Dry olive leaf extract counteracts L-thyroxine-induced genotoxicity in human peripheral blood leukocytes in vitro.

The thyroid hormones change the rate of basal metabolism, modulating the consumption of oxygen and causing production of reactive oxygen species, which leads to the development of oxidative stress and DNA strand breaks. Olive (Olea europaea L.) leaf contains many potentially bioactive compounds, making it one of the most potent natural antioxidants. The objective of this study was to evaluate the genotoxicity of L-thyroxine and to investigate antioxidative and antigenotoxic potential of the standardized oleuropein-rich dry olive leaf extract (DOLE) against hydrogen peroxide and L-thyroxine-induced DNA damage in human peripheral blood leukocytes by using the comet assay. Various concentrations of the extract were tested with both DNA damage inducers, under two different experimental conditions, pretreatment and posttreatment. Results indicate that L-thyroxine exhibited genotoxic effect and that DOLE displayed protective effect against thyroxine-induced genotoxicity. The number of cells with DNA damage, was significantly reduced, in both pretreated and posttreated samples (P < 0.05).

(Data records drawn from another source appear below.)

(* Let $\mathbf{Y}\in\mathbb{R}_{\ge0}^{n\times m}$, $\mathbf{u}\in\mathbb{R}^n$, $\mathbf{X}\in\mathbb{R}_{>0}^{p\times m}$ and $\boldsymbol{\beta}\in\mathbb{R}_{>0}^p$. Consider $F(\mathbf{X}):=\tfrac12\|\mathbf{u}-\mathbf{Y}\mathbf{X}^\intercal\boldsymbol{\beta}\|^2$ as a function of $\mathbf{X}$ ($\boldsymbol{\beta}$ fixed) and $G(\boldsymbol{\beta}):=\tfrac12\|\mathbf{u}-\mathbf{Y}\mathbf{X}^\intercal\boldsymbol{\beta}\|^2$ as a function of $\boldsymbol{\beta}$ ($\mathbf{X}$ fixed). Then $$Q_F(\mathbf{X},\mathbf{A}):=\frac12\sum_{i=1}^n\frac{1}{(\mathbf{Y}\mathbf{A}^\intercal\boldsymbol{\beta})_i}\sum_{j=1}^m\sum_{k=1}^pY_{ij}A_{kj}\beta_k\Big(u_i-\frac{X_{kj}}{A_{kj}}(\mathbf{Y}\mathbf{A}^\intercal\boldsymbol{\beta})_i\Big)^2,$$ $$Q_G(\boldsymbol{\beta},\mathbf{a}):=\frac12\sum_{i=1}^n\frac{1}{(\mathbf{Y}\mathbf{X}^\intercal\mathbf{a})_i}\sum_{k=1}^p(\mathbf{Y}\mathbf{X}^\intercal)_{ik}a_k\Big(u_i-\frac{\beta_k}{a_k}(\mathbf{Y}\mathbf{X}^\intercal\mathbf{a})_i\Big)^2$$ define separable and convex surrogate functionals for $F$ and $G$, respectively.
   Context: The auxiliary arguments $\mathbf{A}\in\mathbb{R}_{>0}^{p\times m}$ and $\mathbf{a}\in\mathbb{R}_{>0}^p$ have strictly positive entries, and all denominators are assumed nonzero. A map $Q_F$ is a surrogate functional for $F$ if $Q_F(\mathbf{x},\mathbf{a})\ge F(\mathbf{x})$ for all $\mathbf{x},\mathbf{a}$ and $Q_F(\mathbf{x},\mathbf{x})=F(\mathbf{x})$ for all $\mathbf{x}$. A surrogate is separable if $Q_F(\mathbf{x},\mathbf{a})=\sum_i g_i(x_i,\mathbf{a})$ for some functions $g_i$ (matrix entries playing the role of coordinates). Convexity refers to the first argument. *)

From HB Require Import structures.
From mathcomp Require Import all_boot all_order all_algebra.
Set Implicit Arguments. Unset Strict Implicit. Unset Printing Implicit Defensive.
Import Order.TTheory GRing.Theory Num.Theory.
Local Open Scope ring_scope.

Section Defs.
Variable R : realFieldType.

Definition posmx (a b : nat) (M : 'M[R]_(a, b)) : Prop := forall i j, 0 < M i j.
Definition nnegmx (a b : nat) (M : 'M[R]_(a, b)) : Prop := forall i j, 0 <= M i j.

Definition lsq (n m p : nat) (u : 'cV[R]_n) (Y : 'M[R]_(n, m))
    (X : 'M[R]_(p, m)) (beta : 'cV[R]_p) : R :=
  2^-1 * \sum_(i < n) (u i 0 - (Y *m X^T *m beta) i 0) ^+ 2.

Definition QF (n m p : nat) (u : 'cV[R]_n) (Y : 'M[R]_(n, m)) (beta : 'cV[R]_p)
    (X A : 'M[R]_(p, m)) : R :=
  2^-1 * \sum_(i < n) ((Y *m A^T *m beta) i 0)^-1 *
    \sum_(j < m) \sum_(k < p)
      Y i j * A k j * beta k 0 *
      (u i 0 - X k j / A k j * (Y *m A^T *m beta) i 0) ^+ 2.

Definition QG (n m p : nat) (u : 'cV[R]_n) (Y : 'M[R]_(n, m)) (X : 'M[R]_(p, m))
    (b a : 'cV[R]_p) : R :=
  2^-1 * \sum_(i < n) ((Y *m X^T *m a) i 0)^-1 *
    \sum_(k < p)
      (Y *m X^T) i k * a k 0 *
      (u i 0 - b k 0 / a k 0 * (Y *m X^T *m a) i 0) ^+ 2.

Definition surrogate (T : Type) (D : T -> Prop) (F : T -> R) (Q : T -> T -> R)
  : Prop :=
  (forall x a, D x -> D a -> F x <= Q x a) /\ (forall x, D x -> Q x x = F x).

Definition separable (a b : nat) (D : 'M[R]_(a, b) -> Prop)
    (Q : 'M[R]_(a, b) -> 'M[R]_(a, b) -> R) : Prop :=
  exists g : 'I_a -> 'I_b -> R -> 'M[R]_(a, b) -> R,
    forall x y, D x -> D y -> Q x y = \sum_(k < a) \sum_(j < b) g k j (x k j) y.

Definition convex_first (a b : nat) (D : 'M[R]_(a, b) -> Prop)
    (Q : 'M[R]_(a, b) -> 'M[R]_(a, b) -> R) : Prop :=
  forall x1 x2 y t, D x1 -> D x2 -> D y -> 0 <= t -> t <= 1 ->
    Q (t *: x1 + (1 - t) *: x2) y <= t * Q x1 y + (1 - t) * Q x2 y.

End Defs.

(* Both objectives have the form x |-> 1/2 sum_i (u_i - <w_i, x>)^2 with
   nonnegative weights w_i: for F the coordinates are the entries X_kj with
   weights Y_ij beta_k, for G they are the beta_k with weights (Y X^T)_ik.
   For a > 0 and d_i = <w_i, a>, the identity
     u_i - <w_i, x> = sum_k (w_ik a_k / d_i) (u_i - x_k / a_k * d_i)
   writes the residual as a convex combination, so Jensen's inequality for
   the square bounds its square by the corresponding weighted average, with
   equality at x = a.  The majorant is a sum over k of convex quadratics in
   the single coordinate x_k. *)

From HB Require Import structures.
From mathcomp Require Import all_boot all_order all_algebra.
From mathcomp Require Import ring.
Set Implicit Arguments. Unset Strict Implicit. Unset Printing Implicit Defensive.
Import Order.TTheory GRing.Theory Num.Theory.
Local Open Scope ring_scope.

Section WeightedSquares.
Variables (R : realFieldType) (K : finType).

Lemma sqr_wsum_le (c z : K -> R) : (forall k, 0 <= c k) ->
  (\sum_k c k * z k) ^+ 2 <= (\sum_k c k) * \sum_k c k * z k ^+ 2.
Proof.
move=> c_ge0; set S := \sum_k c k; set P := \sum_k c k * z k.
set Q := \sum_k c k * z k ^+ 2.
have [S0 | S_neq0] := eqVneq S 0.
  have c0 k : c k = 0 by apply: (psumr_eq0P (fun l _ => c_ge0 l) S0).
  by rewrite /P big1 ?expr0n ?S0 ?mul0r // => k _; rewrite c0 mul0r.
have S_gt0 : 0 < S by rewrite lt0r S_neq0 sumr_ge0.
have var_eq : \sum_k c k * (S * z k - P) ^+ 2 = S * (S * Q - P ^+ 2).
  rewrite (eq_bigr (fun k => S ^+ 2 * (c k * z k ^+ 2)
    - 2 * S * P * (c k * z k) + P ^+ 2 * c k)); last by move=> k _; ring.
  by rewrite big_split sumrB /= -!mulr_sumr -/S -/P -/Q; ring.
have : 0 <= S * (S * Q - P ^+ 2).
  by rewrite -var_eq sumr_ge0 // => k _; rewrite mulr_ge0 ?sqr_ge0.
by rewrite pmulr_rge0 // subr_ge0.
Qed.

Lemma sqr_subr_wsum_le (c x a : K -> R) (v : R) :
  (forall k, 0 <= c k) -> (forall k, 0 < a k) -> 0 < \sum_k c k * a k ->
  (v - \sum_k c k * x k) ^+ 2 <=
  (\sum_k c k * a k)^-1 *
    \sum_k c k * a k * (v - x k / a k * \sum_k c k * a k) ^+ 2.
Proof.
move=> c_ge0 a_gt0 d_gt0; set d := \sum_k c k * a k.
have avg : \sum_k c k * a k * (v - x k / a k * d) = d * (v - \sum_k c k * x k).
  rewrite (eq_bigr (fun k => v * (c k * a k) - d * (c k * x k))); last first.
    by move=> k _; field; rewrite gt_eqF.
  by rewrite sumrB -!mulr_sumr mulrBr mulrC.
have := @sqr_wsum_le (fun k => c k * a k) (fun k => v - x k / a k * d)
  (fun k => mulr_ge0 (c_ge0 k) (ltW (a_gt0 k))).
rewrite /= avg exprMn -/d ler_pdivlMl // => jensen.
by rewrite -(ler_pM2l d_gt0) mulrA -expr2.
Qed.

Lemma wsum_majorant_id (c a : K -> R) (v : R) :
  (forall k, a k != 0) -> \sum_k c k * a k != 0 ->
  (\sum_k c k * a k)^-1 *
    \sum_k c k * a k * (v - a k / a k * \sum_k c k * a k) ^+ 2
  = (v - \sum_k c k * a k) ^+ 2.
Proof.
move=> a_neq0; set d := \sum_k c k * a k => d_neq0.
under eq_bigr => k _ do rewrite divff // mul1r.
by rewrite -mulr_suml mulKf.
Qed.

End WeightedSquares.

Definition convex_fun (R : realFieldType) (f : R -> R) : Prop :=
  forall s1 s2 t, 0 <= t <= 1 -> f (t * s1 + (1 - t) * s2) <= t * f s1 + (1 - t) * f s2.

Lemma convex_fun_sqr_affine (R : realFieldType) (c b v : R) :
  0 <= c -> convex_fun (fun s => c * (v - s * b) ^+ 2).
Proof.
move=> c_ge0 s1 s2 t /andP[t_ge0 t_le1]; rewrite -subr_ge0.
have -> : t * (c * (v - s1 * b) ^+ 2) + (1 - t) * (c * (v - s2 * b) ^+ 2)
    - c * (v - (t * s1 + (1 - t) * s2) * b) ^+ 2
    = c * (t * (1 - t)) * (b * (s1 - s2)) ^+ 2 by ring.
by rewrite mulr_ge0 ?sqr_ge0 // mulr_ge0 // mulr_ge0 // subr_ge0.
Qed.

Lemma convex_fun_sum (R : realFieldType) (I : finType) (f : I -> R -> R) :
  (forall i, convex_fun (f i)) -> convex_fun (fun s => \sum_i f i s).
Proof.
move=> f_cvx s1 s2 t t01; rewrite !mulr_sumr -big_split ler_sum // => i _.
exact: f_cvx.
Qed.

Section MajorizationSurrogate.
Variables (R : realFieldType) (I K : finType) (w : I -> K -> R) (u : I -> R).
Hypothesis w_ge0 : forall i k, 0 <= w i k.

Definition fit (x : K -> R) (i : I) : R := \sum_k w i k * x k.

Definition lsq_fun (x : K -> R) : R := 2^-1 * \sum_i (u i - fit x i) ^+ 2.

Definition surr_fun (x a : K -> R) : R :=
  2^-1 * \sum_i (fit a i)^-1 *
    \sum_k w i k * a k * (u i - x k / a k * fit a i) ^+ 2.

Definition surr_coord (k : K) (s : R) (a : K -> R) : R :=
  \sum_i 2^-1 * (w i k * a k / fit a i) * (u i - s * (fit a i / a k)) ^+ 2.

Lemma surr_funE x a : surr_fun x a = \sum_k surr_coord k (x k) a.
Proof.
rewrite /surr_fun mulr_sumr /surr_coord exchange_big; apply: eq_bigr => i _.
by rewrite mulrA mulr_sumr; apply: eq_bigr => k _; ring.
Qed.

Lemma fit_ge0 a : (forall k, 0 <= a k) -> forall i, 0 <= fit a i.
Proof. by move=> a_ge0 i; rewrite sumr_ge0 // => k _; rewrite mulr_ge0. Qed.

Lemma lsq_le_surr x a : (forall k, 0 < a k) -> (forall i, 0 < fit a i) ->
  lsq_fun x <= surr_fun x a.
Proof.
move=> a_gt0 fit_gt0; apply: ler_wpM2l; first by rewrite invr_ge0 ler0n.
by apply: ler_sum => i _; apply: sqr_subr_wsum_le (w_ge0 i) a_gt0 (fit_gt0 i).
Qed.

Lemma surr_fun_id a : (forall k, a k != 0) -> (forall i, fit a i != 0) ->
  surr_fun a a = lsq_fun a.
Proof.
move=> a_neq0 fit_neq0; congr (_ * _); apply: eq_bigr => i _.
exact: wsum_majorant_id a_neq0 (fit_neq0 i).
Qed.

Lemma surr_coord_convex k a : (forall k, 0 <= a k) -> convex_fun (surr_coord k ^~ a).
Proof.
move=> a_ge0; apply: convex_fun_sum => i; apply: convex_fun_sqr_affine.
by rewrite !mulr_ge0 ?invr_ge0 ?ler0n ?fit_ge0.
Qed.

End MajorizationSurrogate.

Section MatrixSurrogate.
Variables (R : realFieldType) (I : finType) (p q : nat).

Definition entries (x : 'M[R]_(p, q)) (l : 'I_p * 'I_q) : R := x l.1 l.2.

Variables (w : I -> 'I_p * 'I_q -> R) (u : I -> R).
Variables (F : 'M[R]_(p, q) -> R) (Q : 'M[R]_(p, q) -> 'M[R]_(p, q) -> R).
Hypothesis w_ge0 : forall i l, 0 <= w i l.
Hypothesis fit_neq0 : forall a, posmx a -> forall i, fit w (entries a) i != 0.
Hypothesis FE : forall x, F x = lsq_fun w u (entries x).
Hypothesis QE : forall x a, Q x a = surr_fun w u (entries x) (entries a).

Lemma surrogate_entries : surrogate (@posmx R p q) F Q.
Proof.
have fit_gt0 a : posmx a -> forall i, 0 < fit w (entries a) i.
  by move=> a_gt0 i; rewrite lt0r fit_neq0 // fit_ge0 // => l; apply/ltW/a_gt0.
split=> [x a _ a_gt0 | x x_gt0]; rewrite FE QE.
  by apply: lsq_le_surr => // [l|]; [apply: a_gt0 | apply: fit_gt0].
by apply: surr_fun_id => [l|]; [rewrite gt_eqF ?x_gt0 | apply: fit_neq0].
Qed.

Lemma separable_entries : separable (@posmx R p q) Q.
Proof.
exists (fun k j s a => surr_coord w u (k, j) s (entries a)) => x a _ _.
by rewrite QE surr_funE [RHS]pair_bigA; apply: eq_bigr => -[k j].
Qed.

Lemma convex_first_entries : convex_first (@posmx R p q) Q.
Proof.
move=> x1 x2 a t _ _ a_gt0 t_ge0 t_le1; rewrite !QE !surr_funE !mulr_sumr -big_split.
apply: ler_sum => l _; rewrite /entries !mxE.
apply: surr_coord_convex => [//|k|]; first exact: ltW (a_gt0 _ _).
by rewrite t_ge0 t_le1.
Qed.

End MatrixSurrogate.

Lemma sum_pair_ord1 (V : nmodType) (p : nat) (F : 'I_p * 'I_1 -> V) :
  \sum_l F l = \sum_k F (k, ord0).
Proof.
rewrite (eq_bigr (fun l => F (l.1, l.2))) => [|[] //].
by rewrite -(pair_bigA _ (fun k j => F (k, j))); apply: eq_bigr => k _; rewrite big_ord1.
Qed.

Section LeastSquaresInstances.
Variables (R : realFieldType) (n m p : nat) (Y : 'M[R]_(n, m)) (u : 'cV[R]_n).

Definition coefF (beta : 'cV[R]_p) (i : 'I_n) (l : 'I_p * 'I_m) : R :=
  Y i l.2 * beta l.1 0.

Definition coefG (X : 'M[R]_(p, m)) (i : 'I_n) (l : 'I_p * 'I_1) : R :=
  (Y *m X^T) i l.1.

Lemma coefF_ge0 beta : nnegmx Y -> nnegmx beta -> forall i l, 0 <= coefF beta i l.
Proof. by move=> Y_ge0 beta_ge0 i l; rewrite mulr_ge0. Qed.

Lemma coefG_ge0 X : nnegmx Y -> nnegmx X -> forall i l, 0 <= coefG X i l.
Proof.
move=> Y_ge0 X_ge0 i l; rewrite /coefG mxE sumr_ge0 // => j _.
by rewrite mxE mulr_ge0.
Qed.

Lemma fit_coefF beta A i : (Y *m A^T *m beta) i 0 = fit (coefF beta) (entries A) i.
Proof.
rewrite mxE; under eq_bigr => k _ do rewrite mxE mulr_suml.
by rewrite pair_bigA; apply: eq_bigr => l _; rewrite mxE /coefF /entries; ring.
Qed.

Lemma fit_coefG X a i : (Y *m X^T *m a) i 0 = fit (coefG X) (entries a) i.
Proof. by rewrite mxE /fit sum_pair_ord1. Qed.

Lemma lsq_coefF beta X : lsq u Y X beta = lsq_fun (coefF beta) (u^~ 0) (entries X).
Proof. by congr (_ * _); apply: eq_bigr => i _; rewrite fit_coefF. Qed.

Lemma lsq_coefG X b : lsq u Y X b = lsq_fun (coefG X) (u^~ 0) (entries b).
Proof. by congr (_ * _); apply: eq_bigr => i _; rewrite fit_coefG. Qed.

Lemma QF_coefF beta X A :
  QF u Y beta X A = surr_fun (coefF beta) (u^~ 0) (entries X) (entries A).
Proof.
congr (_ * _); apply: eq_bigr => i _.
rewrite fit_coefF exchange_big pair_bigA; congr (_ * _); apply: eq_bigr => l _.
by rewrite /coefF /entries; ring.
Qed.

Lemma QG_coefG X b a :
  QG u Y X b a = surr_fun (coefG X) (u^~ 0) (entries b) (entries a).
Proof.
congr (_ * _); apply: eq_bigr => i _.
by rewrite fit_coefG sum_pair_ord1.
Qed.

End LeastSquaresInstances.

Theorem theorem6 (R : realFieldType) (n m p : nat)
    (Y : 'M[R]_(n, m)) (u : 'cV[R]_n) (X : 'M[R]_(p, m)) (beta : 'cV[R]_p)
    (hY : nnegmx Y) (hX : posmx X) (hbeta : posmx beta)
    (hdenF : forall A : 'M[R]_(p, m), posmx A ->
               forall i : 'I_n, (Y *m A^T *m beta) i 0 != 0)
    (hdenG : forall a : 'cV[R]_p, posmx a ->
               forall i : 'I_n, (Y *m X^T *m a) i 0 != 0) :
  (surrogate (@posmx R p m) (fun X' => lsq u Y X' beta) (QF u Y beta)
   /\ separable (@posmx R p m) (QF u Y beta)
   /\ convex_first (@posmx R p m) (QF u Y beta))
  /\
  (surrogate (@posmx R p 1) (fun b => lsq u Y X b) (QG u Y X)
   /\ separable (@posmx R p 1) (QG u Y X)
   /\ convex_first (@posmx R p 1) (QG u Y X)).
Proof.
have wF_ge0 := coefF_ge0 hY (fun k j => ltW (hbeta k j)).
have wG_ge0 := coefG_ge0 hY (fun k j => ltW (hX k j)).
have fitF_neq0 A : posmx A -> forall i, fit (coefF Y beta) (entries A) i != 0.
  by move=> A_gt0 i; rewrite -fit_coefF hdenF.
have fitG_neq0 a : posmx a -> forall i, fit (coefG Y X) (entries a) i != 0.
  by move=> a_gt0 i; rewrite -fit_coefG hdenG.
split; (split; [|split]).
- exact: surrogate_entries wF_ge0 fitF_neq0 (lsq_coefF Y u beta) (QF_coefF Y u beta).
- exact: separable_entries (QF_coefF Y u beta).
- exact: convex_first_entries wF_ge0 (QF_coefF Y u beta).
- exact: surrogate_entries wG_ge0 fitG_neq0 (lsq_coefG Y u X) (QG_coefG Y u X).
- exact: separable_entries (QG_coefG Y u X).
- exact: convex_first_entries wG_ge0 (QG_coefG Y u X).
Qed.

Comparing the beneficial effect of all tested concentrations of DOLE, in both experimental protocols, it appears that extract was more effective in reducing DNA damage in the pretreatment, exhibiting protective role against L-thyroxine effect. This feature of DOLE can be explained by its capacity to act as potent free radical scavenger.

Protective effect of dry olive leaf extract in adrenaline induced DNA damage evaluated using in vitro comet assay with human peripheral leukocytes.

Excessive release of stress hormone adrenaline is accompanied by generation of reactive oxygen species which may cause disruption of DNA integrity leading to cancer and age-related disorders. Phenolic-rich plant product dry olive leaf extract (DOLE) is known to modulate effects of various oxidants in human cells. The aim was to evaluate the effect of commercial DOLE against adrenaline induced DNA damage in human leukocytes by using comet assay. Peripheral blood leukocytes from 6 healthy subjects were treated in vitro with three final concentrations of DOLE (0.125, 0.5, and 1mg/mL) for 30 min at 37°C under two different protocols, pretreatment and post-treatment. Protective effect of DOLE was assessed from its ability to attenuate formation of DNA lesions induced by adrenaline. Compared to cells exposed only to adrenaline, DOLE displayed significant reduction (P<0.001) of DNA damage at all three concentrations and under both experimental protocols. Pearson correlation analysis revealed a significant positive association between DOLE concentration and leukocytes DNA damage (P<0.05). Antigenotoxic effect of the extract was more pronounced at smaller concentrations. Post-treatment with 0.125 mg/mL DOLE was the most effective against adrenaline genotoxicity. Results indicate genoprotective and antioxidant properties in dry olive leaf extract, strongly supporting further explorations of its underlying mechanisms of action.